Lemma extension_property_ball_complement D M d (a : M) (m : R) :
  In 0 D -> in_UD D M d -> In m D -> 0 < m ->
  extension_property D M d (fun y => ~ d a y < m).
Proof.
  intros HD0 HM HmD Hm0 n p r Hinj Hr Hcompat.
  pose proof HM as [Hmet [_ [_ [[HdD _] _]]]].
  assert (Hsym := dist_sym M d Hmet). assert (Htri := dist_triangle M d Hmet).
  destruct (in_UD_extension_property D M d HD0 HM n p r) as [z0 [_ Hz0]]; auto.
  { intros i Hi. split; [exact I | apply Hr; auto]. }
  set (delta := Rmax m (d a z0)).
  assert (Hm_delta : m <= delta) by apply Rmax_l.
  assert (Hz0_delta : d a z0 <= delta) by apply Rmax_r.
  assert (Hdelta : forall i, (i < n)%nat ->
            d a (p i) <= delta + r i /\ delta <= r i + d a (p i) /\ r i <= delta + d a (p i)).
  { intros i Hi. destruct (Hr i Hi) as [Hp [_ Hri]]. pose proof (Hz0 i Hi).
    pose proof (Htri a z0 (p i)). pose proof (Htri z0 a (p i)). pose proof (Htri a (p i) z0).
    pose proof (Hsym z0 a). pose proof (Hsym (p i) z0).
    split; [lra | split; [apply Rmax_lub | ]]; lra. }
  set (p' := fun i => if Nat.ltb i n then p i else a).
  set (r' := fun i => if Nat.ltb i n then r i else delta).
  destruct (in_UD_extension_property D M d HD0 HM (S n) p' r') as [z [_ Hz]].
  - intros i j Hi Hj. unfold p'.
    destruct (Nat.ltb_spec i n), (Nat.ltb_spec j n); intros E; auto; try lia.
    + destruct (Hr i H) as [Hp _]. rewrite E, (dist_self M d Hmet) in Hp. lra.
    + destruct (Hr j H0) as [Hp _]. rewrite <- E, (dist_self M d Hmet) in Hp. lra.
  - intros i Hi. unfold p', r'. split; [exact I |].
    destruct (Nat.ltb_spec i n); [apply Hr; auto |].
    split; [apply Rmax_case; auto | lra].
  - intros i j Hi Hj. unfold p', r'.
    destruct (Nat.ltb_spec i n), (Nat.ltb_spec j n).
    + apply Hcompat; auto.
    + pose proof (Hdelta i H). rewrite Hsym. lra.
    + pose proof (Hdelta j H0). lra.
    + rewrite (dist_self M d Hmet). lra.
  - exists z. split.
    + assert (Hza := Hz n (Nat.lt_succ_diag_r n)). unfold p', r' in Hza.
      rewrite Nat.ltb_irrefl in Hza. rewrite Hsym, Hza. lra.
    + intros i Hi. specialize (Hz i ltac:(lia)). unfold p', r' in Hz.
      rewrite (proj2 (Nat.ltb_lt i n) Hi) in Hz. exact Hz.
Qed.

*-*-*

### [WHAT YOU HAVE TO DO]
May I have exactly the lines from the one containing "destruct (in_UD_extension_property D M d HD0 HM n" through the last line of the data, both included?

### [SOLUTION FOR THIS PROBLEM]
  destruct (in_UD_extension_property D M d HD0 HM n p r) as [z0 [_ Hz0]]; auto.
  { intros i Hi. split; [exact I | apply Hr; auto]. }
  set (delta := Rmax m (d a z0)).
  assert (Hm_delta : m <= delta) by apply Rmax_l.
  assert (Hz0_delta : d a z0 <= delta) by apply Rmax_r.
  assert (Hdelta : forall i, (i < n)%nat ->
            d a (p i) <= delta + r i /\ delta <= r i + d a (p i) /\ r i <= delta + d a (p i)).
  { intros i Hi. destruct (Hr i Hi) as [Hp [_ Hri]]. pose proof (Hz0 i Hi).
    pose proof (Htri a z0 (p i)). pose proof (Htri z0 a (p i)). pose proof (Htri a (p i) z0).
    pose proof (Hsym z0 a). pose proof (Hsym (p i) z0).
    split; [lra | split; [apply Rmax_lub | ]]; lra. }
  set (p' := fun i => if Nat.ltb i n then p i else a).
  set (r' := fun i => if Nat.ltb i n then r i else delta).
  destruct (in_UD_extension_property D M d HD0 HM (S n) p' r') as [z [_ Hz]].
  - intros i j Hi Hj. unfold p'.
    destruct (Nat.ltb_spec i n), (Nat.ltb_spec j n); intros E; auto; try lia.
    + destruct (Hr i H) as [Hp _]. rewrite E, (dist_self M d Hmet) in Hp. lra.
    + destruct (Hr j H0) as [Hp _]. rewrite <- E, (dist_self M d Hmet) in Hp. lra.
  - intros i Hi. unfold p', r'. split; [exact I |].
    destruct (Nat.ltb_spec i n); [apply Hr; auto |].
    split; [apply Rmax_case; auto | lra].
  - intros i j Hi Hj. unfold p', r'.
    destruct (Nat.ltb_spec i n), (Nat.ltb_spec j n).
    + apply Hcompat; auto.
    + pose proof (Hdelta i H). rewrite Hsym. lra.
    + pose proof (Hdelta j H0). lra.
    + rewrite (dist_self M d Hmet). lra.
  - exists z. split.
    + assert (Hza := Hz n (Nat.lt_succ_diag_r n)). unfold p', r' in Hza.
      rewrite Nat.ltb_irrefl in Hza. rewrite Hsym, Hza. lra.
    + intros i Hi. specialize (Hz i ltac:(lia)). unfold p', r' in Hz.
      rewrite (proj2 (Nat.ltb_lt i n) Hi) in Hz. exact Hz.
Qed.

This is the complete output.